■ Task statement ■
Please retype the records below exactly, from the first line down to and including the line with "Lemma PhiF_perm (p".

(Collected data)
►

Lemma pick_preimage_perm (s : {perm T}) u :
  [pick i | f ((s^-1)%g i) == u] = omap s [pick i | f i == u].
Proof.
case: (pickP (fun i => f i == u)) => [i /eqP <-|no_preimage] /=.
  case: pickP => [j /eqP/f_inj <-|/(_ (s i))]; first by rewrite permKV.
  by rewrite permK eqxx.
by case: pickP => // i; rewrite no_preimage.
Qed.

End PickPreimage.

Lemma optv_omap (R : nzRingType) (I J : finType) (x : I -> R) (s : J -> I) o :
  optv x (omap s o) = optv (x \o s) o.
Proof. by case: o. Qed.

Section PhiReindex.
Variables (R : comNzRingType) (k l r : nat) (a : 'I_k -> 'I_r) (b : 'I_l -> 'I_r).

Lemma PhiF_perm (p : 'S_r) (x : 'I_k -> R) (y : 'I_l -> R) u :
  PhiF a b x y (p u) = PhiF (p^-1%g \o a) (p^-1%g \o b) x y u.
Proof.
by rewrite /PhiF; congr (_ * _)%R; congr optv; apply: eq_pick => i /=;
   rewrite (can2_eq (permKV p) (permK p)).
Qed.

Lemma PhiF_comp_perm (s : 'S_k) (tau : 'S_l) (x : 'I_k -> R) (y : 'I_l -> R) u :
  injective a -> injective b ->
  PhiF a b (x \o s) (y \o tau) u = PhiF (a \o s^-1%g) (b \o tau^-1%g) x y u.
Proof. by move=> a_inj b_inj; rewrite /PhiF !pick_preimage_perm // !optv_omap. Qed.

End PhiReindex.

Section Validity.
Variables (k l r : nat) (a : 'I_k -> 'I_r) (b : 'I_l -> 'I_r).

Lemma eq_valid (a' : 'I_k -> 'I_r) (b' : 'I_l -> 'I_r) :
  a =1 a' -> b =1 b' -> valid a b -> valid a' b'.
Proof.
move=> ea eb [hr a_inj b_inj cover]; split => //.
- exact: eq_inj a_inj ea.
- exact: eq_inj b_inj eb.
move=> u; case: (cover u) => [[i <-]|[j <-]]; [left; exists i|right; exists j].
  exact/esym/ea.
exact/esym/eb.
Qed.

Lemma valid_comp_perm (s : 'S_k) (tau : 'S_l) :
  valid a b -> valid (a \o s) (b \o tau).
Proof.
move=> [hr a_inj b_inj cover]; split => //.
- exact: inj_comp a_inj perm_inj.
- exact: inj_comp b_inj perm_inj.
move=> u; case: (cover u) => [[i <-]|[j <-]].
  by left; exists (s^-1 i)%g; rewrite /= permKV.
by right; exists (tau^-1 j)%g; rewrite /= permKV.
Qed.

Lemma valid_perm_comp (p : 'S_r) : valid a b -> valid (p \o a) (p \o b).
Proof.
move=> [hr a_inj b_inj cover]; split => //.
- exact: inj_comp perm_inj a_inj.
- exact: inj_comp perm_inj b_inj.
move=> u; case: (cover (p^-1 u)%g) => [[i ai]|[j bj]].
  by left; exists i; rewrite /= ai permKV.
by right; exists j; rewrite /= bj permKV.
Qed.

Lemma valid_perm_fixed (p : 'S_r) :
  valid a b -> p \o a =1 a -> p \o b =1 b -> p = 1%g.
Proof.
move=> [_ _ _ cover] pa pb; apply/permP => u; rewrite perm1.
by case: (cover u) => [[i <-]|[j <-]]; [exact: pa|exact: pb].
Qed.

End Validity.

Lemma inj_perm_fixed (T : finType) (U : Type) (c : T -> U) (p : {perm T}) :
  injective c -> c \o p^-1%g =1 c -> p = 1%g.
Proof.
move=> c_inj ec; apply/permP => i; rewrite perm1.
by apply/c_inj; rewrite -ec /= permK.
Qed.

Section Triples.
Variables k l : nat.

Lemma triple_mkT (t : triple k l) : t = mkT (tagged t).1 (tagged t).2.
Proof. by case: t => r [a b]; rewrite /mkT /= !ffunK. Qed.

Lemma eq_mkT r (a a' : 'I_k -> 'I_r) (b b' : 'I_l -> 'I_r) :
  a =1 a' -> b =1 b' -> mkT a b = mkT a' b'.
Proof. by move=> ea eb; congr existT; congr pair; apply/ffunP => i; rewrite !ffunE. Qed.

Lemma mkT_inj r (a a' : 'I_k -> 'I_r) (b b' : 'I_l -> 'I_r) :
  mkT a b = mkT a' b' -> a =1 a' /\ b =1 b'.
Proof.
move=> /(@eq_from_Tagged _ (fun r => ({ffun 'I_k -> 'I_r} * {ffun 'I_l -> 'I_r})%type)) [].
by move=> /ffunP ea /ffunP eb; split=> i; [have := ea i | have := eb i]; rewrite !ffunE.
Qed.

Lemma Stilde_mkT r (a : 'I_k -> 'I_r) (b : 'I_l -> 'I_r) :
  Stilde (mkT a b) <-> valid a b.
Proof. by split; apply: eq_valid => i; rewrite /= ffunE. Qed.

Lemma PhiT_mkT (R : comNzRingType) r (a : 'I_k -> 'I_r) (b : 'I_l -> 'I_r)
    (x : 'I_k -> R) (y : 'I_l -> R) :
  PhiT (mkT a b) x y = [seq PhiF a b x y u | u <- enum 'I_r].
Proof.
by apply: eq_map => u; rewrite /PhiF; congr (_ * _)%R; congr optv;
   apply: eq_pick => i; rewrite /= ffunE.
Qed.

◄

■ Response to this exercise ■
Lemma pick_preimage_perm (s : {perm T}) u :
  [pick i | f ((s^-1)%g i) == u] = omap s [pick i | f i == u].
Proof.
case: (pickP (fun i => f i == u)) => [i /eqP <-|no_preimage] /=.
  case: pickP => [j /eqP/f_inj <-|/(_ (s i))]; first by rewrite permKV.
  by rewrite permK eqxx.
by case: pickP => // i; rewrite no_preimage.
Qed.

End PickPreimage.

Lemma optv_omap (R : nzRingType) (I J : finType) (x : I -> R) (s : J -> I) o :
  optv x (omap s o) = optv (x \o s) o.
Proof. by case: o. Qed.

Section PhiReindex.
Variables (R : comNzRingType) (k l r : nat) (a : 'I_k -> 'I_r) (b : 'I_l -> 'I_r).

Lemma PhiF_perm (p : 'S_r) (x : 'I_k -> R) (y : 'I_l -> R) u :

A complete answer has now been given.